[Recorded information — start]

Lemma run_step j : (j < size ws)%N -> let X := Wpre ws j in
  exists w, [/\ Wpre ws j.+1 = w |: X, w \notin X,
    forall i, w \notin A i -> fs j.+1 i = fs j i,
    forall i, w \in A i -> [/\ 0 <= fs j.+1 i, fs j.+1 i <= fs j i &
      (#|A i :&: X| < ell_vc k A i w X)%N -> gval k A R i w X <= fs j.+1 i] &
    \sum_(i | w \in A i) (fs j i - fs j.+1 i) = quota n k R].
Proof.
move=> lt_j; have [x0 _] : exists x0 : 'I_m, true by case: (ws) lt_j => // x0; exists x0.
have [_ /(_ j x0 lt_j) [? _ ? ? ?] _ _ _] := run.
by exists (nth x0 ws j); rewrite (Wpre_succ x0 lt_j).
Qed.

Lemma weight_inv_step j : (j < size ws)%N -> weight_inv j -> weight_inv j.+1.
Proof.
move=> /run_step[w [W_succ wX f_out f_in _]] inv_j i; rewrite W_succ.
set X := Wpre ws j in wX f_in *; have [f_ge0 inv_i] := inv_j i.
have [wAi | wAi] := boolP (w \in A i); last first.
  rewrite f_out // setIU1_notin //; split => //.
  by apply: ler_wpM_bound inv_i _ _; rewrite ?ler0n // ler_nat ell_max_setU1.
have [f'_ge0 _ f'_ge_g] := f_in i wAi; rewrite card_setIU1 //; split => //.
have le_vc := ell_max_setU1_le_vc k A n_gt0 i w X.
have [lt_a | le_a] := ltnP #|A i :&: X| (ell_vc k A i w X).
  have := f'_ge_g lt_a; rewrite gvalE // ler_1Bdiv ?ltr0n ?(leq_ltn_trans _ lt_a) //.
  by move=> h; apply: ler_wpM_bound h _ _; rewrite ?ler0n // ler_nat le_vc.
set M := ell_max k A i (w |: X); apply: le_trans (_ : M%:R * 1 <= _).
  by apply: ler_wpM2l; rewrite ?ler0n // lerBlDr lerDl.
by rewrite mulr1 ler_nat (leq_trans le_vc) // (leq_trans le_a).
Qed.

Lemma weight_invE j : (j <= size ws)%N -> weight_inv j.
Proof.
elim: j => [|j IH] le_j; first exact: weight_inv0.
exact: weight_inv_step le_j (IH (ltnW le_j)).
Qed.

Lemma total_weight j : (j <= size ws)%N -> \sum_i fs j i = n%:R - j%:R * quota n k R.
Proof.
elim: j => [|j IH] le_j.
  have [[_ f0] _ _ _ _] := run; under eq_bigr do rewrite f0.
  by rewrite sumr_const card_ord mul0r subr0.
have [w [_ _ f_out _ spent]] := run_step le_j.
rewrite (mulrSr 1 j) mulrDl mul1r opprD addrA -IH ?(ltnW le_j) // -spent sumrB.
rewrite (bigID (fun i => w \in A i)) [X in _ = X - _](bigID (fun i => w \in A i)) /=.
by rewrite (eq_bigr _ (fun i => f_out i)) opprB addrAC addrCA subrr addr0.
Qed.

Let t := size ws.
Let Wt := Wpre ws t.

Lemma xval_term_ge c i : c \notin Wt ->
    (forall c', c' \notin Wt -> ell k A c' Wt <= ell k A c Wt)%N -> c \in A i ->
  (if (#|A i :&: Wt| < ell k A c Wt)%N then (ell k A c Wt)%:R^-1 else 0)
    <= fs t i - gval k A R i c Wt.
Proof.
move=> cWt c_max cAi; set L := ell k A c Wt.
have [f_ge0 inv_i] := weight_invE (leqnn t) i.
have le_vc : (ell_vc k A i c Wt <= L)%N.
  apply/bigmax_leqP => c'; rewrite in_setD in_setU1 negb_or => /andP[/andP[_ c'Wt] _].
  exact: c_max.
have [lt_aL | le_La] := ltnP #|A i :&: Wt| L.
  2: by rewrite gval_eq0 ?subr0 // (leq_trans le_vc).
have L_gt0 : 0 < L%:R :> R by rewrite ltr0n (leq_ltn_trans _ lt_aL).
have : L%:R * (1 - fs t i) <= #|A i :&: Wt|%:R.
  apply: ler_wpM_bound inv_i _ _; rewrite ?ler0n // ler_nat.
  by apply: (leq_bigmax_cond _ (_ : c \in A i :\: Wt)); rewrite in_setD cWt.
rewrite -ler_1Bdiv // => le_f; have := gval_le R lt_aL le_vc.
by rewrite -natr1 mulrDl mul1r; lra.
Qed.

[Recorded information — finish]
[Recorded information — start]

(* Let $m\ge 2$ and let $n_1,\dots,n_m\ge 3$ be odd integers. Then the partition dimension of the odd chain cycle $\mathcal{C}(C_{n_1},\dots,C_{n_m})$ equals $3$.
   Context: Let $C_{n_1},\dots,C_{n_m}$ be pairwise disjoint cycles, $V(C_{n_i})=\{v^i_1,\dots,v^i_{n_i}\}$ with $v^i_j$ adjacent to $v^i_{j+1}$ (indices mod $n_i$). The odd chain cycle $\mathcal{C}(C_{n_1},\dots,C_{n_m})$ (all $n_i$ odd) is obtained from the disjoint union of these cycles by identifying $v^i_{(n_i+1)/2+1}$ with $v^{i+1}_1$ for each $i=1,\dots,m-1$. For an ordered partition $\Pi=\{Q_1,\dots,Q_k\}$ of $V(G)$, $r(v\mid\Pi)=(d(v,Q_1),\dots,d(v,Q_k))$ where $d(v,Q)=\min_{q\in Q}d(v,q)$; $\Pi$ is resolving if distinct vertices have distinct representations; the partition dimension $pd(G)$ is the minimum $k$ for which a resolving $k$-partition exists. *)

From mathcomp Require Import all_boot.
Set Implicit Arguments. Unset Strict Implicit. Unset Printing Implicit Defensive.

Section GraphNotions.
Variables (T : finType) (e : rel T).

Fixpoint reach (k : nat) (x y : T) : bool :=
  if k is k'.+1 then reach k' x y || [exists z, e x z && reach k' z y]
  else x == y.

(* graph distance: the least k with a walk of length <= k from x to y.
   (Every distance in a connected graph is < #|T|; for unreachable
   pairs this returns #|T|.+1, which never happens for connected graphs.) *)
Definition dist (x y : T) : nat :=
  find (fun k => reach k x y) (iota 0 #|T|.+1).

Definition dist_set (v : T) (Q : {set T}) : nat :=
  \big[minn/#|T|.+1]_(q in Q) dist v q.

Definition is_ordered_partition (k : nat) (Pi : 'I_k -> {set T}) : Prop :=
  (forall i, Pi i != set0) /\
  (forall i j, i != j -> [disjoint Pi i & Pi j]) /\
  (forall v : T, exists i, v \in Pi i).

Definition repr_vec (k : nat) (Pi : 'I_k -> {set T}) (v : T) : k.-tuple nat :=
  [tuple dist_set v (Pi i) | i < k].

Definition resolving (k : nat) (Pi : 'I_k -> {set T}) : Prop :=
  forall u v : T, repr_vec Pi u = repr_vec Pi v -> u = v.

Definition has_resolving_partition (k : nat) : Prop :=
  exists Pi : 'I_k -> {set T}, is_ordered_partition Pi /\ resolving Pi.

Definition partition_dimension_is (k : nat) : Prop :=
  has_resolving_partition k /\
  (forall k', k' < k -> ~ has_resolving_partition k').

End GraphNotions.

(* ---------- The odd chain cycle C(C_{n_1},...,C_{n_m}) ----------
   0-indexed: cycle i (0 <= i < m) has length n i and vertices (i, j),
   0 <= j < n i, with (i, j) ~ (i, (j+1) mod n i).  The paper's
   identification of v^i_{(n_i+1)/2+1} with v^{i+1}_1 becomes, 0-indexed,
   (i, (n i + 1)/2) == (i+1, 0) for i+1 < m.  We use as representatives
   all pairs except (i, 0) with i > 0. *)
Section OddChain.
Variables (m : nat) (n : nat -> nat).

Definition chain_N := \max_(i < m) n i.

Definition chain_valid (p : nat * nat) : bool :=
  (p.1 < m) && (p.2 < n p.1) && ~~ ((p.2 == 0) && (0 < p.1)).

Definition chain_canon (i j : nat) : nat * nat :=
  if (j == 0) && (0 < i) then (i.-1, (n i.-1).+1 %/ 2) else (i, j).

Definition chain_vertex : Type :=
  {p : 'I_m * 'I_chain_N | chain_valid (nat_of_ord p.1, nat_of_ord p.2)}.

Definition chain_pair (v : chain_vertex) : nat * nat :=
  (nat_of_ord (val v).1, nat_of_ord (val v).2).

[Recorded information — finish]

All lines above from the one containing "exact: weight_inv_step le_j (IH (ltnW le_j))." to the one containing "rewrite (bigID (fun" must be repeated exactly, both lines included, and no others.

exact: weight_inv_step le_j (IH (ltnW le_j)).
Qed.

Lemma total_weight j : (j <= size ws)%N -> \sum_i fs j i = n%:R - j%:R * quota n k R.
Proof.
elim: j => [|j IH] le_j.
  have [[_ f0] _ _ _ _] := run; under eq_bigr do rewrite f0.
  by rewrite sumr_const card_ord mul0r subr0.
have [w [_ _ f_out _ spent]] := run_step le_j.
rewrite (mulrSr 1 j) mulrDl mul1r opprD addrA -IH ?(ltnW le_j) // -spent sumrB.
rewrite (bigID (fun i => w \in A i)) [X in _ = X - _](bigID (fun i => w \in A i)) /=.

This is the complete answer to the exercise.